J’étais au bout de la table entre Barberin et le vieillard, poussé par l’un, repoussé par l’autre.

— Enfin, dit le vieillard, tel qu’il est je le prends. Seulement, bien entendu, je ne vous l’achète pas, je vous le loue. Je vous en donne vingt francs par an.

— Vingt francs !

— C’est un bon prix et je paye d’avance : vous touchez quatre belles pièces de cent sous et vous êtes débarrassé de l’enfant.

— Mais si je le garde, l’hospice me payera plus de dix francs par mois.

— Mettez-en sept, mettez-en huit, je connais les prix, et encore faudra-t-il que vous le nourrissiez.

— Il travaillera.

— Si vous le sentiez capable de travailler, vous ne voudriez pas le renvoyer. Ce n’est pas pour l’argent de leur pension qu’on prend les enfants de l’hospice, c’est pour leur travail ; on en fait des domestiques qui payent et ne sont pas payés. Encore un coup, si celui-là était en état de vous rendre des services, vous le garderiez.

— En tous cas, j’aurais toujours les dix francs.

— Et si l’hospice au lieu de vous le laisser, le donne à un autre, vous n’aurez rien du tout ; tandis qu’avec moi, pas de chance à courir : toute votre peine consiste à allonger la main.

Il fouilla dans sa poche et en tira une bourse de cuir dans laquelle il prit quatre pièces d’argent qu’il étala sur la table en les faisant sonner.

— Pensez-donc, s’écria Barberin, que cet enfant aura des parents un jour ou l’autre ?

— Qu’importe ?

— Il y aura du profit pour ceux qui l’auront élevé ; si je n’avais pas compté là-dessus je ne m’en serais jamais chargé.

Ce mot de Barberin : « Si je n’avais pas compté sur ses parents, je ne me serais jamais chargé de lui, » me fit le détester un peu plus encore. Quel méchant homme.

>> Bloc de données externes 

(* (R, m) is local: m is exactly the set of non-units (so m is the unique maximal ideal) *)
Definition local_with (m : R -> Prop) : Prop :=
  is_ideal m /\ forall a, m a <-> ~ (exists b, a * b = 1).

Definition associated (P : R -> Prop) : Prop :=
  is_prime P /\ exists x, forall a, P a <-> a * x = 0.

Definition prime_chain (P : nat -> R -> Prop) (n : nat) : Prop :=
  (forall i, (i <= n)%N -> is_prime (P i)) /\
  (forall i, (i < n)%N -> (forall a, P i a -> P i.+1 a) /\ exists a, P i.+1 a /\ ~ P i a).

Definition krull_dim_eq (d : nat) : Prop :=
  (exists P, prime_chain P d) /\ (forall P n, prime_chain P n -> (n <= d)%N).

(* Krull dimension of R/p equals d (chains of primes containing p) *)
Definition quot_dim_eq (p : R -> Prop) (d : nat) : Prop :=
  (exists P, prime_chain P d /\ forall a, p a -> P 0%N a) /\
  (forall P n, prime_chain P n -> (forall a, p a -> P 0%N a) -> (n <= d)%N).

(* height of p equals d (= dim R_p = dim (R_p)_red) *)
Definition height_eq (p : R -> Prop) (d : nat) : Prop :=
  (exists P, prime_chain P d /\ forall a, P d a <-> p a) /\
  (forall P n, prime_chain P n -> (forall a, P n a -> p a) -> (n <= d)%N).

(* images of x_1..x_t form a regular system of parameters of R/p,
   where m is the maximal ideal of R: x_i in m and m/p = (x)(R/p), t = dim R/p *)
Definition rsop_quot (m p : R -> Prop) (t : nat) (x : 'I_t -> R) : Prop :=
  (forall i, m (x i)) /\ (forall a, m a <-> ideal_add p (gen_by x) a) /\ quot_dim_eq p t.

(* images of y_1..y_r form a regular system of parameters of (R_p)_red:
   y_i in p, p R_p = (y) R_p + Nil(R_p), and r = dim (R_p)_red = ht p.
   (a/1 lies in (y)R_p + Nil(R_p) iff s a lies in (y) + Nil(R) for some s not in p.) *)
Definition rsop_loc_red (p : R -> Prop) (r : nat) (y : 'I_r -> R) : Prop :=
  (forall i, p (y i)) /\
  (forall a, p a -> exists s, ~ p s /\ ideal_add (gen_by y) nilrad (s * a)) /\
  height_eq p r.

(* p/(p^2 + I) is a free R/p-module with basis the classes of y_1..y_r *)
Definition free_conormal_basis (p : R -> Prop) (r : nat) (y : 'I_r -> R) : Prop :=
  (forall a, p a -> exists c : 'I_r -> R,
       ideal_add (ideal_sq p) nilrad (a - \sum_(i < r) c i * y i)) /\
  (forall c : 'I_r -> R,
       ideal_add (ideal_sq p) nilrad (\sum_(i < r) c i * y i) -> forall i, p (c i)).

(* R_red (local with maximal ideal m/Nil, dim R_red = dim R) is regular:
   its maximal ideal is generated by dim R_red elements *)
Definition red_regular (m : R -> Prop) : Prop :=
  exists d (z : 'I_d -> R), krull_dim_eq d /\
    forall a, m a <-> ideal_add (gen_by z) nilrad a.

End CommAlg.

— Et c’est parce que vous ne comptez plus sur ses parents, dit le vieillard, que vous le mettez à la porte. Enfin à qui s’adresseront-ils, ces parents, si jamais ils paraissent ? à vous, n’est-ce pas, et non à moi qu’ils ne connaissent pas ?

— Et si c’est vous qui les retrouvez.

— Alors convenons que s’il a des parents un jour, nous partagerons le profit, et je mets trente francs.

— Mettez-en quarante.

— Non pour les services qu’il me rendra, ce n’est pas possible.

— Et quels services voulez-vous qu’il vous rende. Pour de bonnes jambes, il a de bonnes jambes, pour de bons bras, il a de bons bras, je m’en tiens à ce que j’ai dit, mais enfin à quoi le trouvez-vous propre ?

Le vieillard regarda Barberin d’un air narquois et vidant son verre à petits coups :

— À me tenir compagnie, dit-il ; je me fais vieux et le soir quelquefois après une journée de fatigue, quand le temps est mauvais, j’ai des idées tristes ; il me distraira.

— Il est sûr que pour cela les jambes seront assez solides.

— Mais pas trop, car il faudra danser, et puis sauter, et puis marcher, et puis après avoir marché, sauter encore ; enfin il prendra place dans la troupe du signor Vitalis.

— Et où est-elle votre troupe ?

— Le signor Vitalis c’est moi, comme vous devez vous en douter ; la troupe, je vais vous la montrer, puisque vous désirez faire sa connaissance.

Disant cela il ouvrit sa peau de mouton, et prit dans sa main un animal étrange qu’il tenait sous son bras gauche serré contre sa poitrine.

C’était cet animal qui plusieurs fois avait fait soulever la peau de mouton ; mais ce n’était pas un petit chien comme je l’avais pensé.

Quelle pouvait être cette bête ?

Était-ce même une bête ?

Je ne trouvais pas de nom à donner à cette créature bizarre que je voyais pour la première fois, et que je regardais avec stupéfaction.